Is the Fifth Republic Burning?

Roundup: Historians' Take
tags: France, François Hollande, Fifth Republic

Robert Zaretsky is professor of history at the University of Houston and the author of A Life Worth Living: Albert Camus and the Quest for Meaning.

HOUSTON — FUTURE historians of France may well decide that the Fifth Republic died as it was born: in a traffic incident.

As France and much of the world now know, part of President François Hollande’s morning routine of late has been to zip on his moped between the Élysée Palace and an apartment on the aptly named Rue du Cirque for romantic trysts with the actress Julie Gayet. While his partner, Valérie Trierweiler, and his interior minister, Manuel Valls, were unaware of these jaunts, the paparazzi, cameras trained on the building, shot a helmeted Mr. Hollande entering and leaving by the front door.

So much of this affair is so foreign to Americans. We are not accustomed to presidents astride mopeds, just as our presidents are not accustomed to the public’s indifference to their private affairs. (Yes, despite all the attention, more than three-quarters of the French still believe this affair is none of their affair.)
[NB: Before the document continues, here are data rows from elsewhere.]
(* In the setting of problem (CP1) and the prox-ADC method described in the context, suppose Assumptions 1–4 hold. Then (a) the subproblem defining $x^{k,i+1}$ is feasible for all $k,i\in\mathbb{N}$; (b) for every $k\in\mathbb{N}$ the smallest index $i$ for which the inner stopping conditions hold, denoted $i_k$, is finite.
   Context: Problem (CP1): integers $0\le m_1\le m$; $f_p:\mathbb{R}^n\to\mathbb{R}$; $\varphi_p:\mathbb{R}\to\mathbb{R}$ convex for $p\le m_1$; $\varphi_p=\delta_{(-\infty,0]}$ for $p>m_1$; minimize $\sum_{p\le m_1}\varphi_p(f_p(x))$ s.t. $f_p(x)\le0$, $p>m_1$. $I_1=\{p:\varphi_p$ nondecreasing$\}$, $I_2=\{1,\dots,m\}\setminus I_1$. Monotonic decomposition $\varphi_p=\varphi_p^\uparrow+\varphi_p^\downarrow$: if $\varphi_p$ nondecreasing, $\varphi_p^\uparrow=\varphi_p,\varphi_p^\downarrow=0$; if nonincreasing, $\varphi_p^\uparrow=0,\varphi_p^\downarrow=\varphi_p$; otherwise with a minimizer $z^*$, $\varphi^\uparrow_p=\varphi_p(z^* )$ for $z\le z^*$, $\varphi_p(z)$ for $z>z^*$; $\varphi_p^\downarrow=\varphi_p(z)-\varphi_p(z^* )$ for $z\le z^*$, $0$ for $z>z^*$. Assumption 1: for each $p$, $f_p^k=g_p^k-h_p^k$ with $g_p^k,h_p^k:\mathbb{R}^n\to\mathbb{R}$ convex, $f_p^k$ epi-converges to $f_p$; $-\infty<\liminf_{x'\to x,k\to\infty}f_p^k(x')\le\limsup_{x'\to x,k\to\infty}f_p^k(x')<\infty$ for all $x$; $\varphi_p\circ f_p^k$ epi-converges to $\varphi_p\circ f_p$. Assumption 2: with $X^k=\{x:f_p^k(x)\le0,\ p=m_1+1..m\}$ and $\alpha_p^k=\sup_{x\in X^k}[f_p^{k+1}(x)-f_p^k(x)]_+$, there exist $x^0$ and nonnegative $\{\widehat\alpha_p^k\}_k$ ($p>m_1$) with $\alpha_p^k\le\widehat\alpha_p^k$, $\sum_{k'}\widehat\alpha_p^{k'}<\infty$ and $f_p^0(x^0)\le-\sum_{k'=0}^\infty\widehat\alpha_p^{k'}$; set $\widehat\alpha_p^k=0$ for $p\le m_1$. Assumption 3: for each $k$ there is $\ell_k>0$ with $\min\{\mathbb H(\partial g_p^k(x),\partial g_p^k(x')),\mathbb H(\partial h_p^k(x),\partial h_p^k(x'))\}\le\ell_k\|x-x'\|$ for all $x,x'$ and all $p$ ($\mathbb H$ = Hausdorff distance). Assumption 4: for each $k$, $\sum_{p\le m_1}\varphi_p(f^k_p(x))+\sum_{p>m_1}\delta_{(-\infty,0]}(f_p^k(x))$ is level-bounded. Method: choose $\lambda>0$ and positive $\epsilon_k\downarrow0$, $\delta_k\downarrow0$ with $\delta_k/(\lambda+\ell_k)\downarrow0$; $\sigma_p^k=\sum_{k'\ge k}\widehat\alpha_p^{k'}$. For a point $y$ pick $a_p\in\partial h_p^k(y)$, $b_p\in\partial g_p^k(y)$ and set $f_p^{k,\mathrm{up}}(x;y)=g_p^k(x)-h_p^k(y)-a_p^\top(x-y)+\sigma_p^k$, $f_p^{k,\mathrm{lo}}(x;y)=g_p^k(y)+b_p^\top(x-y)-h_p^k(x)$, and for $p\le m_1$, $\widehat F_p^k(x;y)=\varphi_p^\uparrow(f_p^{k,\mathrm{up}}(x;y))+\varphi_p^\downarrow(f_p^{k,\mathrm{lo}}(x;y))$. For $k=0,1,\dots$: $x^{k,0}=x^k$; for $i=0,1,\dots$: $x^{k,i+1}=\operatorname{argmin}_x\{\sum_{p\le m_1}\widehat F_p^k(x;x^{k,i})+\tfrac\lambda2\|x-x^{k,i}\|^2:\ f_p^{k,\mathrm{up}}(x;x^{k,i})\le0,\ p>m_1\}$; stop the inner loop (with $i_k=i$) when $f_p^{k,\mathrm{up}}(x^{k,i+1};x^{k,i})\le f_p^k(x^{k,i+1})+\sigma_p^k+\epsilon_k$ for all $p$, $f_p^{k,\mathrm{lo}}(x^{k,i+1};x^{k,i})\ge f_p^k(x^{k,i+1})-\epsilon_k$ for $p\in I_2$, and $\|x^{k,i+1}-x^{k,i}\|\le\delta_k/(\lambda+\ell_k)$; then set $x^{k+1}=x^{k,i_k}$. *)

From HB Require Import structures.
From mathcomp Require Import all_boot all_order all_algebra.
From mathcomp Require Import all_classical all_reals all_analysis.
Set Implicit Arguments. Unset Strict Implicit. Unset Printing Implicit Defensive.
Import Order.TTheory GRing.Theory Num.Theory numFieldNormedType.Exports.
Local Open Scope classical_set_scope.
Local Open Scope ring_scope.

Section Defs.
Variable R : realType.
Variable n : nat.
Notation vec := 'rV[R]_n.

Definition dotv (u v : vec) : R := \sum_(j < n) u 0 j * v 0 j.
Definition enorm (u : vec) : R := Num.sqrt (\sum_(j < n) u 0 j ^+ 2).

Definition convex_vec (f : vec -> R) : Prop :=
  forall x y (t : R), 0 <= t -> t <= 1 ->
    f (t *: x + (1 - t) *: y) <= t * f x + (1 - t) * f y.
Definition convex_R (phi : R -> R) : Prop :=
  forall x y (t : R), 0 <= t -> t <= 1 ->
    phi (t * x + (1 - t) * y) <= t * phi x + (1 - t) * phi y.
Definition nondecr (phi : R -> R) : Prop := forall x y, x <= y -> phi x <= phi y.
Definition nonincr (phi : R -> R) : Prop := forall x y, x <= y -> phi y <= phi x.

Definition subdiff (f : vec -> R) (x : vec) : set vec :=
  [set v | forall y, f x + dotv v (y - x) <= f y].

Definition edist_pt_set (a : vec) (B : set vec) : \bar R :=
  ereal_inf [set (enorm (a - b))%:E | b in B].
Definition hausdorff (A B : set vec) : \bar R :=
  maxe (ereal_sup [set edist_pt_set a B | a in A])
       (ereal_sup [set edist_pt_set b A | b in B]).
The Affaire Hollande, however, is increasingly foreign to the French, as well — at least for those who recall an earlier traffic incident. In late August 1962, near a suburban traffic circle called Petit-Clamart, President Charles de Gaulle was riding with his wife and son-in-law when assassins, machine guns trained on the presidential Citroën, raked it with bullets. Miraculously, everyone, including the chickens Mme. de Gaulle had put in the trunk, survived unscathed....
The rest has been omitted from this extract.